Noé, perhaps best known for his brutal examination of love, assault and revenge in Irreversible (Irréversible), here intimates, through his main character who is a film school graduate, that movies should be about “blood, sperm and tears”, and this film lives up to the expected trio of fluids.

But even more copious than Murphy’s seed is his use of the dreaded c-word to cuss out Electra, who is right to suspect he is cheating on her with any girl that shows a passing interest in having him inside her. We simply cannot care one little bit about Murphy’s meltdown, even though the film seems to suggest that this is the only story that is of any interest.

The film’s major flaw, and there are many to choose from, is that it does not enable us to empathise with its main character. Even worse, we are not particularly interested in him or his way of thinking, because his actions appear to be primitive, and although far from unexpected, his betrayal of his girlfriend is despicable.

The acting is terrible, and especially the scenes of high melodrama, namely the shouting matches between him and his girlfriend, are laughably amateurish. Contrast them with the break-up scene in Blue is the Warmest Colour, and you will quickly see what these scenes are supposed to look like if they are to have even a shred of credibility.

Noé, whose unconventional use of the cinematic medium in both visual and narrative terms was laudable in Irreversible, here tries to imitate Jean-Luc Godard’s physical manipulation of the medium by adding black-screen flashes to the entire film, which are not only irritating but pointlessly exhibitionist and silly. Early on in the film, we also get a splashy, full-screen-text definition of Murphy’s Law, because, you know, the main character is called “Murphy”.

And then there is director Gaspar Noé’s masturbatory references to himself. Not only is Murphy’s son named “Gaspar”, but Murphy’s ex hooks up with an “artist” named Noé, played by – you guessed it – the director himself. These names are repeated often enough for us to recognise what Noé is up to, but we never get close to understanding why he is behaving like such a neophyte. Who, except the most amateur of filmmakers, would engage in such ill-conceived grandstanding?
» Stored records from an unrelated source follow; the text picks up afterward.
(* Let $\epsilon>0$ and $n\ge1$. Consider mechanisms $Q:\mathbb{R}^n\to\Delta(\mathbb{R}^n)$ of the form $Qu=u+V$, where the noise $V$ has distribution $g\in\Delta(\mathbb{R}^n)$ independent of the input $u$, and suppose $Q$ is $\epsilon$-Lipschitz private with respect to the $\ell_1$-norm on $\mathbb{R}^n$. Then $$\mathbb{E}_{V\sim g}\|V\|_2^2\;\ge\;\mathbb{E}_{V\sim l_1^n}\|V\|_2^2=\frac{2n}{\epsilon^2},$$ where $l_1^n(v)=\left(\frac{\epsilon}{2}\right)^n e^{-\epsilon\|v\|_1}$; i.e. the Laplace mechanism adding noise with density $l_1^n$ minimizes the mean-squared error for the identity query $q(u)=u$ among all such mechanisms.
   Context: $\Delta(\mathcal{Y})$ denotes the set of Borel probability measures on $\mathcal{Y}$. For a normed space $(\mathcal{U},\|\cdot\|)$, a mechanism $Q:\mathcal{U}\to\Delta(\mathcal{Y})$ is $\epsilon$-Lipschitz private if for all $u,u'\in\mathcal{U}$ and all measurable $\mathcal{S}\subseteq\mathcal{Y}$, $|\ln\mathbb{P}(Qu\in\mathcal{S})-\ln\mathbb{P}(Qu'\in\mathcal{S})|\le\epsilon\|u-u'\|$, equivalently $\mathbb{P}(Qu\in\mathcal{S})\le e^{\epsilon\|u-u'\|}\mathbb{P}(Qu'\in\mathcal{S})$. *)

(* R^n is modelled as n.-tuple R,
   which MathComp-Analysis equips with the product sigma-algebra of the
   Borel sigma-algebras (generated by the coordinate projections tnth),
   i.e. the Borel sigma-algebra of R^n. *)
From HB Require Import structures.
From mathcomp Require Import all_boot all_order all_algebra.
From mathcomp Require Import all_classical all_reals all_analysis.
Set Implicit Arguments. Unset Strict Implicit. Unset Printing Implicit Defensive.
Import Order.TTheory GRing.Theory Num.Theory.
Local Open Scope classical_set_scope.
Local Open Scope ring_scope.

Section Rn.
Variable R : realType.

Definition tadd n (u v : n.-tuple R) : n.-tuple R :=
  [tuple tnth u i + tnth v i | i < n].
Definition tsub n (u v : n.-tuple R) : n.-tuple R :=
  [tuple tnth u i - tnth v i | i < n].

Definition l1norm n (v : n.-tuple R) : R := \sum_(i < n) `|tnth v i|.
Definition l2sq n (v : n.-tuple R) : R := \sum_(i < n) (tnth v i) ^+ 2.

(* The additive-noise mechanism Q u = u + V, V ~ g, is eps-Lipschitz private
   w.r.t. the l1 norm:  P(Qu in S) <= exp(eps ||u-u'||_1) P(Qu' in S).
   Here P(Qu in S) = g {v | u + v in S}. *)
Definition additive_lipschitz_private n (eps : R)
    (g : probability (n.-tuple R) R) : Prop :=
  forall (u u' : n.-tuple R) (S : set (n.-tuple R)), measurable S ->
    (g (tadd u @^-1` S) <=
       (expR (eps * l1norm (tsub u u')))%:E * g (tadd u' @^-1` S))%E.
Theorem lemma3p10 (R : realType) (G : topologicalZmodType) (x1 : G)
  (G_compact : compact [set: G]) (G_hausdorff : hausdorff_space G)
  (G_infinite : infinite_set [set: G])
  (x1_dense : closure (range (fun n : int => x1 *~ n)) = [set: G])
  (d : (G -> CC R) -> (G -> CC R))
  (d_der : is_F_derivation d)
  (d_rot : forall f, Fspan f -> d f \o phiG x1 = d (f \o phiG x1)) :
  exists delta : op R -> op R,
    (is_B_derivation x1 delta /\
     delta (Vop R) = op0 R /\
     (forall f, Fspan f -> delta (Mop x1 f) = Mop x1 (d f)) /\
     is_invariant x1 delta) /\
    (forall delta' : op R -> op R,
       is_B_derivation x1 delta' ->
       delta' (Vop R) = op0 R ->
       (forall f, Fspan f -> delta' (Mop x1 f) = Mop x1 (d f)) ->
       forall b, Bcal x1 b -> delta' b = delta b).
Proof.
have deltaB := delta_d_is_B_derivation x1_dense d_der d_rot.
have deltaV : delta_d x1 d (Vop R) = op0 R by rewrite Vop_shiftop; exact: delta_d_shiftop.
have deltaM f : Fspan f -> delta_d x1 d (Mop x1 f) = Mop x1 (d f).
  exact: (delta_d_M x1_dense d_der).
exists (delta_d x1 d); split.
  by do !split=> //; exact: (delta_d_is_invariant x1_dense d_der).
move=> delta' delta'B delta'V delta'M T TB; apply: (B_derivation_unique delta'B deltaB) => //.
- by rewrite deltaV delta'V.
- by rewrite (B_derivation_Vinv delta'B delta'V) (B_derivation_Vinv deltaB deltaV).
- by move=> chi /Fspan_char chiF; rewrite delta'M ?deltaM.
Qed.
Because of their unconventional nature, the unreserved depictions of sex often harm whatever serious intent Noé had with his story, and some of the particularly graphic moments elicit laughter instead of compassion. This film had no reason to be. Its director obviously thought people would get a kick from unsimulated sex, but unlike Lars von Trier’s amazing look at sex in the double-volume modern-day masterpiece Nymphomaniac, Noé’s film is a fluff piece that has as much to do with love as with serious filmmaking, which is almost nothing at all.